摘要

Cast planning is a practical problem frequently encountered in steel industry. Its task is to group charges into batches (casts) with respect to the similarities of steel-grade and dimensions between charges, taking account of the practical technique constraints on life-span of tundish. Effective cast planning can reduce the changeover cost of charges and enhance the productivity of continuous casters. The objective under our consideration is to minimize the total dissimilarity costs between the charges in the same casts, to minimize the number of casts and the number of unselected charges. A quadratic integer programming model with multiple objectives for this problem is formulated. It is NP-complete, and so an iterated local search (ILS) algorithm is developed for the problem.
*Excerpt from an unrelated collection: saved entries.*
Definition coinvariant_functor (K : Functor HM C) (i : forall P : HMob, Hom (fob K P) (hcar P))
  : Prop :=
  (forall P : HMob, is_coinvariant_part P (i P)) /\
  (forall (P Q : HMob) (f : HMhom P Q), i Q ⊚ fhom K f = hmap f ⊚ i P).
End HopfModules.

(* Under the pre-Hopf hypothesis every T-module (P, r) satisfies T P ≅ T1 ⊗ P through
   the fusion map (T1 ⊗ r) T_2(1, P). Hence the free Hopf module h^l X has coinvariant
   part η_X, preserved by T, and for a Hopf module M whose coinvariant part i is
   preserved by T, the counit r T(i) : T(M_T) → M is invertible, its inverse being the
   factorisation of fusion⁻¹ ρ through T(i). Together with conservativity this makes
   the coinvariant-part functor quasi-inverse to h^l. Conversely, an equivalence makes
   every Hopf module isomorphic to a free one, so coinvariant parts exist, are of the
   form η_X up to isomorphism, and are therefore preserved by T. *)
From Stdlib Require Import ClassicalEpsilon.
Set Implicit Arguments.
Unset Strict Implicit.

Ltac reassoc := repeat rewrite <- comp_assoc.

Lemma compA_rw {C : Category} {X Y Z W : C} (a : Hom Y Z) (b : Hom X Y) (c : Hom X Z) :
  a ⊚ b = c -> forall d : Hom W X, a ⊚ (b ⊚ d) = c ⊚ d.
Proof. intros H d; rewrite comp_assoc, H; reflexivity. Qed.

Lemma compA3_rw {C : Category} {X Y Z V W : C}
  (a : Hom Y Z) (b : Hom X Y) (b' : Hom V X) (c : Hom V Z) :
  a ⊚ (b ⊚ b') = c -> forall d : Hom W V, a ⊚ (b ⊚ (b' ⊚ d)) = c ⊚ d.
Proof. intros H d; rewrite (comp_assoc b), (comp_assoc a), H; reflexivity. Qed.

Lemma dependent_functional_choice (A : Type) (P : A -> Type) (Q : forall a, P a -> Prop) :
  (forall a, exists x, Q a x) -> exists f : forall a, P a, forall a, Q a (f a).
Proof.
  intros H. exists (fun a => proj1_sig (constructive_indefinite_description _ (H a))).
  intros a. exact (proj2_sig (constructive_indefinite_description _ (H a))).
Qed.

Section Isomorphisms.
Context {C : Category}.

Lemma iso_id (X : C) : is_iso (idm X).
Proof. exists (idm X); split; apply comp_idl. Qed.

Lemma iso_comp (X Y Z : C) (g : Hom Y Z) (f : Hom X Y) :
  is_iso g -> is_iso f -> is_iso (g ⊚ f).
Proof.
  intros [g' [Hg1 Hg2]] [f' [Hf1 Hf2]]. exists (f' ⊚ g'); split; reassoc.
  - rewrite (compA_rw Hg1), comp_idl. exact Hf1.
  - rewrite (compA_rw Hf2), comp_idl. exact Hg2.
Qed.

Lemma iso_cast (X Y : C) (e : X = Y) : is_iso (cast e).
Proof. destruct e; apply iso_id. Qed.

Lemma iso_monic (X Y Z : C) (f : Hom X Y) (u v : Hom Z X) :
  is_iso f -> f ⊚ u = f ⊚ v -> u = v.
Proof.
  intros [g [Hgf _]] H.
  rewrite <- (comp_idl u), <- (comp_idl v), <- Hgf, <- !comp_assoc, H. reflexivity.
Qed.

Lemma iso_epic (X Y Z : C) (f : Hom X Y) (u v : Hom Y Z) :
  is_iso f -> u ⊚ f = v ⊚ f -> u = v.
Proof.
  intros [g [_ Hfg]] H.
  rewrite <- (comp_idr u), <- (comp_idr v), <- Hfg, !comp_assoc, H. reflexivity.
Qed.
(* For the amalgam $\Gamma=G_0*_HG_1$ defined below, $K_0=H(0)$, $K_1=H(1)$, and $\ker\Gamma=K_0\cap K_1=H(0)\cap H(1)=\{e\}$.
   Context: Definition of $\Gamma$: write $\oplus$ for addition mod $2$. Let $H$ be the group with generators $h(i_1,\dots,i_n)$, one for each $n\ge1$ and $(i_1,\dots,i_n)\in\{0,1\}^n$, subject to $h(i_1,\dots,i_n)^2=e$ and, for sequences $(i_1,\dots,i_k)$, $(j_1,\dots,j_n)$ with $n\ge k$: $h(i_1,\dots,i_k)h(j_1,\dots,j_n)h(i_1,\dots,i_k)=h(j_1,\dots,j_k,j_{k+1}\oplus1,j_{k+2},\dots,j_n)$ if $n>k$ and $i_\ell=j_\ell$ for $1\le\ell\le k$, and $=h(j_1,\dots,j_n)$ otherwise. Let $\Gamma$ be generated by the $h$'s and $g_0,g_1$ with the relations of $H$ plus $g_0^2=g_1^2=e$, $(g_0h(1))^3=e$, $(g_1h(0))^3=e$, and for all $n\ge2$, $i_3,\dots,i_n\in\{0,1\}$: $g_0h(1,0,i_3,\dots,i_n)g_0=h(0,i_3,\dots,i_n)$, $g_0h(1,1,i_3,\dots,i_n)g_0=h(1,1,i_3,\dots,i_n)$, $g_1h(0,0,i_3,\dots,i_n)g_1=h(0,0,i_3,\dots,i_n)$, $g_1h(0,1,i_3,\dots,i_n)g_1=h(1,i_3,\dots,i_n)$. With $H\le\Gamma$ the subgroup generated by the $h$'s, $G_0=\langle H\cup\{g_0\}\rangle$, $G_1=\langle H\cup\{g_1\}\rangle$, one has $\Gamma=G_0*_HG_1$. For $j\in\{0,1\}$, $H(j)$ is the subgroup of $H$ generated by all $h(j,i_2,\dots,i_n)$, $n\ge1$, $i_2,\dots,i_n\in\{0,1\}$. For an amalgam $G_0*_HG_1$: for $j=0,1$ and $k\ge1$ let $T_{j,k}=\{x_0x_1\cdots x_{k-1}: x_i\in G_{i+j\bmod 2}\setminus H\}$, $T_{j,0}=H$, $C_{j,k}=\bigcap_{g\in T_{j,k}}gHg^{-1}$, $K_j=\bigcap_{k\ge0}C_{j,k}$, and $\ker\Gamma=\bigcap_{g\in\Gamma}gHg^{-1}$. *)

From Stdlib Require Import List Arith Bool.
Import ListNotations.
Lemma nearest_on_sphere_avoid {R : realType} {Omega T : Type}
  (dist : T -> T -> R) (x : T) (Xs : nat -> Omega -> T) (y : T) n w r :
  (forall k, (1 <= k <= n)%N -> dist x y <= dist x (Xs k w)) ->
  sphere dist x r y -> avoid_event Xs n (oball dist x r) w.
Proof.
move=> nearest y_sphere; rewrite /avoid_event big_seq.
apply: (@big_ind (set Omega) (fun S => S w)) => // k.
rewrite mem_iota add1n ltnS => k_range.
by apply/negP; rewrite -leNgt -y_sphere; apply: nearest.
Qed.

Lemma integral_le_scaled_indic {R : realType} {d : measure_display}
  {Omega : measurableType d} (mu : {measure set Omega -> \bar R})
  (f : Omega -> R) (E : set Omega) (C : R) :
  measurable E -> measurable_fun setT f -> 0 <= C ->
  (forall w, 0 <= f w <= C * \1_E w) ->
  (\int[mu]_w (f w)%:E <= C%:E * mu E)%E.
Proof.
move=> mE mf C0 f_bound.
have m_indic : measurable_fun setT (\1_E : Omega -> R) by exact: measurable_indic.
apply: (@le_trans _ _ (\int[mu]_w (C * \1_E w)%:E)%E).
  apply: ge0_le_integral => //.
  - by move=> w _; rewrite lee_fin; case/andP: (f_bound w).
  - exact/measurable_EFinP.
  - exact/measurable_EFinP/measurable_funM.
  - by move=> w _; rewrite lee_fin; case/andP: (f_bound w).
under eq_integral do rewrite EFinM.
by rewrite ge0_integralZl_EFin ?integral_indic ?setIT //; exact/measurable_EFinP.
Qed.

Lemma cvgey_scaled_dominated {R : realType} (a : nat -> \bar R) (v : nat -> R)
  (k : R) : 0 < k -> (forall j, (a j <= (k * v j)%:E)%E) ->
  a @ \oo --> +oo%E -> v @ \oo --> +oo.
Proof.
move=> k_gt0 a_le /cvgeyPge a_large; apply/cvgryPge => A.
apply: filterS (a_large (k * A)) => j /le_trans/(_ (a_le j)).
by rewrite lee_fin ler_pM2l.
Qed.

Lemma cvg_div_one_plus_y {R : realType} (C : R) (u : nat -> R) :
  0 <= C -> u @ \oo --> +oo -> (fun j => C / (1 + u j)) @ \oo --> 0.
Proof.
move=> C0 /cvgryPge u_large; apply/cvgrPdist_lt => e e0.
apply: filterS (u_large (C / e)) => j u_ge.
have u_ge0 : 0 <= u j by exact: le_trans (divr_ge0 C0 (ltW e0)) u_ge.
rewrite sub0r normrN ger0_norm ?divr_ge0 //; last lra.
rewrite ltr_pdivrMr; last lra.
by rewrite ler_pdivrMr // in u_ge; nra.
Qed.
(* A forward edge that is not long goes from rank r - 1 to rank r; it is charged
   to the tree edge into its head, which is long as the parent ranks below r - 1. *)
Lemma m_f_le_long_edges : (m_f E s w <= #|long_edges E dist_rank|)%N.
Proof.
rewrite /m_f; set F := [set e | _]; set L := long_edges E dist_rank.
pose f e := if e \in L then e else (dijkstra_parent e.1 e.2, e.2).
have short_F e : e \in F -> e \notin L -> [/\ f e \notin F, f e \in L
    & dist_rank e.1 = (dist_rank e.2).-1].
  case: e => u v; rewrite /f inE => uv_fwd uv_short; rewrite (negbTE uv_short).
  have [p_tree p_long rank_u] := short_forward_edge uv_fwd uv_short.
  by rewrite inE /forward_edge p_tree !andbF.
have f_inj : {in F &, injective f}.
  move=> e1 e2 F1 F2; rewrite {1 2}/f.
  case: (boolP (e1 \in L)) => L1; case: (boolP (e2 \in L)) => L2.
  - by [].
  - by move=> e12; have [] := short_F _ F2 L2; rewrite /f (negbTE L2) -e12 F1.
  - by move=> e12; have [] := short_F _ F1 L1; rewrite /f (negbTE L1) e12 F2.
  - have [_ _ r1] := short_F _ F1 L1; have [_ _ r2] := short_F _ F2 L2.
    move: e1 e2 {F1 F2 L1 L2} r1 r2 => [u1 v1] [u2 v2] /= r1 r2 [_ eq_v].
    by subst v2; congr (_, _); apply: dist_rank_inj; rewrite r1 r2.
rewrite -(card_in_imset f_inj); apply/subset_leq_card/subsetP => _ /imsetP[e F_e ->].
case: (boolP (e \in L)) => L_e; first by rewrite /f L_e.
by have [] := short_F _ F_e L_e.
Qed.

End DistanceRank.

Definition long_edges_parity (V : finType) (E : rel V) (rk : V -> nat) (b : bool) :=
  [set e in long_edges E rk | odd (rk e.2) == b].

Lemma card_long_edges (V : finType) (E : rel V) (rk : V -> nat) :
  #|long_edges E rk| = (#|long_edges_parity E rk true| + #|long_edges_parity E rk false|)%N.
Proof.
rewrite -(cardsID [set e | odd (rk e.2)]); congr (_ + _)%N; apply: eq_card => e.
  by rewrite !inE eqb_id andbC.
by rewrite !inE eqbF_neg andbC.
Qed.

Section RankWeights.
Variables (R : realType) (V : finType) (E : rel V) (s : V) (rk : V -> nat).
Hypotheses (rk_inj : injective rk) (rk_lt_card : forall x, (rk x < #|V|)%N)
  (rk_source : rk s = 0%N)
  (rk_pred : forall v, v != s -> exists2 u, E u v & (rk u < rk v)%N).

(* A rank-increasing edge into z weighs more than twice the height of any vertex
   ranked below z ([height_gap]), and [heavy] exceeds twice every height. *)
Definition height x : R := (4 ^ rk x)%:R - 1.

Definition heavy : R := 3 * (4 ^ #|V|)%:R.

Definition rank_weights (e : V * V) : R :=
  if (rk e.1 < rk e.2)%N then height e.2 - height e.1 else heavy.

Local Notation W := rank_weights.
Local Notation rank_lt := (relpre rk ltn).

Lemma height_lt a b : (rk a < rk b)%N -> height a < height b.
Proof. by move=> ab; rewrite ltrD2r ltr_nat ltn_exp2l. Qed.

Lemma height_inj : injective height.
Proof.
move=> a b eq_ab; apply: rk_inj.
by case: (ltngtP (rk a) (rk b)) => // /height_lt; rewrite eq_ab ltxx.
Qed.

Lemma height_ge0 x : 0 <= height x.
Proof. by rewrite subr_ge0 ler1n expn_gt0. Qed.

Lemma height_source : height s = 0.
Proof. by rewrite /height rk_source subrr. Qed.

Lemma height_lt_heavy x : 2 * height x < heavy.
Proof.
have : (4 ^ rk x <= 4 ^ #|V|)%N by rewrite leq_exp2l // ltnW.
by rewrite -(ler_nat R) /heavy /height; have := ler0n R (4 ^ #|V|); lra.
Qed.

Lemma height_gap a b c : (rk a < rk c)%N -> (rk b < rk c)%N ->
  2 * height b < height c - height a.
Proof.
move=> ac bc; have [m cm] : exists m, rk c = m.+1.
  by exists (rk c).-1; rewrite prednK // (leq_ltn_trans _ ac).
have le_m z : (rk z < rk c)%N -> (4 ^ rk z)%:R <= (4 ^ m)%:R :> R.
  by move=> zc; rewrite ler_nat leq_exp2l // -ltnS -cm.
have := le_m _ ac; have := le_m _ bc; have := ler0n R (4 ^ m).
by rewrite /height cm expnS natrM; lra.
Qed.

Lemma rank_weights_gt0 e : 0 < W e.
Proof.
rewrite /W; case: ifP => [/height_lt|_]; first by rewrite subr_gt0.
by have := height_lt_heavy e.1; have := height_ge0 e.1; lra.
Qed.

Lemma rank_weights_pos : positive_weights E W.
Proof. by move=> a c _; apply: rank_weights_gt0. Qed.

Lemma rank_weights_lt a b : (rk a < rk b)%N -> W (a, b) = height b - height a.
Proof. by rewrite /W /= => ->. Qed.

Lemma height_le_rank_weights a b : height b <= height a + W (a, b).
Proof.
rewrite /W /=; case: ifP => _; first by rewrite addrC subrK.
by have := height_lt_heavy b; have := height_ge0 a; have := height_ge0 b; lra.
Qed.

Lemma height_le_walk_weight x q :
  path E x q -> height (last x q) - height x <= walk_weight x W q.
Proof. exact: walk_weight_ge_potential (fun a b _ => height_le_rank_weights a b). Qed.

Lemma increasing_walk_weight x p : path rank_lt x p ->
  walk_weight x W p = height (last x p) - height x.
Proof. by apply: walk_weight_telescope => a b; apply: rank_weights_lt. Qed.

Lemma exists_increasing_walk x :
  exists p, [/\ path E s p, path rank_lt s p & last s p = x].
Proof.
have [n] := ubnP (rk x); elim: n x => // n IH x /ltnSE rk_x.
have [-> | x_s] := eqVneq x s; first by exists [::].
have [u ux ltux] := rk_pred x_s; have [p [pE pr pu]] := IH u (leq_trans ltux rk_x).
by exists (rcons p x); rewrite !rcons_path last_rcons pE pr pu /= ux ltux.
Qed.

Lemma rank_reachable x : connect E s x.
Proof. by have [p [pE _ <-]] := exists_increasing_walk x; apply/connectP; exists p. Qed.

Lemma dist_rank_weights x : dist E s W x = height x.
Proof.
apply: is_dist_dist; split.
  have [p [pE pr px]] := exists_increasing_walk x.
  by exists p; rewrite increasing_walk_weight // px height_source subr0.
move=> q qE <-; rewrite -[height _]subr0 -height_source.
exact: height_le_walk_weight.
Qed.

Lemma rank_onto r : (r < #|V|)%N -> exists x, rk x = r.
Proof.
move=> r_lt; pose f x : 'I_#|V| := Ordinal (rk_lt_card x).
have f_inj : injective f by move=> a c /(congr1 val) /rk_inj.
have := inj_card_onto f_inj (eq_leq (card_ord _)) (Ordinal r_lt).
by case/codomP=> x /(congr1 val) /= ->; exists x.
Qed.

Section Perturbation.
Variables (b : bool) (y : weights R V) (k : R) (u v : V).
Hypotheses (y_out : forall e, e \notin long_edges_parity E rk b -> y e = 0)
  (shift_range : forall e, 0 <= W e + k * y e <= 2 * W e)
  (uv_T : (u, v) \in long_edges_parity E rk b)
  (shift_uv : W (u, v) + k * y (u, v) = 0).

Local Notation w0 := (fun e => W e + k * y e).
Local Notation psi := (dist E s w0).

Let w0_ge0 : nonneg_weights E w0.
Proof. by move=> a c _; case/andP: (shift_range (a, c)). Qed.

Let dist_shift_spec x : is_dist E s w0 x (psi x).
Proof. exact: dist_spec w0_ge0 (rank_reachable x). Qed.

Lemma dist_shift_le_height x : psi x <= 2 * height x.
Proof.
have [p [pE pr <-]] := exists_increasing_walk x; have [_ min_psi] := dist_shift_spec (last s p).
have : walk_weight s w0 p <= walk_weight s (fun e => 2 * W e) p.
  by apply: ler_walk_weight => e; case/andP: (shift_range e).
rewrite walk_weight_scale increasing_walk_weight // height_source subr0.
exact/le_trans/min_psi.
Qed.

Lemma exists_increasing_shortest_walk x : exists p,
  [/\ path E s p, path rank_lt s p, last s p = x & walk_weight s w0 p = psi x].
Proof.
have [[p [pE [px psi_p]]] _] := dist_shift_spec x; exists p; split => //.
apply: (path_of_light_walk w0_ge0 _ pE (c := heavy)) => [a c ac|]; last first.
  by rewrite psi_p -px (le_lt_trans (dist_shift_le_height _) (height_lt_heavy _)).
apply: contraTT => /= not_lt; rewrite -leNgt y_out; last first.
  rewrite !inE /= negb_and; apply/orP; left; rewrite negb_and; apply/orP; right.
  by move: not_lt; clear; lia.
by rewrite mulr0 addr0 /W /= (negbTE not_lt).
Qed.

Lemma dist_interpolate (l : R) x : 0 <= l <= 1 ->
  dist E s (fun e => W e + l * k * y e) x = (1 - l) * height x + l * psi x.
Proof.
move=> /andP[l_ge0 l_le1].
have wl_comb q : walk_weight s (fun e => W e + l * k * y e) q =
    (1 - l) * walk_weight s W q + l * walk_weight s w0 q.
  by rewrite -walk_weight_comb; apply: eq_walk_weight => e /=; ring.
apply: is_dist_dist; split.
  have [p [pE pr px psi_p]] := exists_increasing_shortest_walk x.
  by exists p; rewrite wl_comb increasing_walk_weight // px height_source subr0 psi_p.
move=> q qE qx; rewrite wl_comb; apply: lerD; apply: ler_wpM2l; rewrite ?subr_ge0 //.
  by have := height_le_walk_weight qE; rewrite qx height_source subr0.
by case: (dist_shift_spec x) => _; apply.
Qed.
In this algorithm, cyclic transfer neighborhood is adopted, in which several charges are transferred among casts simultaneously as a manner of cycle. A new kick strategy is developed with the idea of assigning charges to different casts according to the dissimilarity costs between them and the casts'; central charges identified by the current solution. Computational results using real data from an advanced iron & steel company in China indicate that the ILS algorithm provides optimal solutions for small instances, and better near-optimal solutions for larger instances compared with a linear solver, Lingo 8.0, used to solve the equivalent linear integer programming obtained by transforming the original model. Totally, 92.3 % of the instances are solved to global optima by the ILS algorithm while it is possible that the other 9.7 % instances also are solved to optimal, which indicates the efficiency of the algorithm. At the same time, the algorithm also provides better solutions than the ones obtained by the current system used in the company.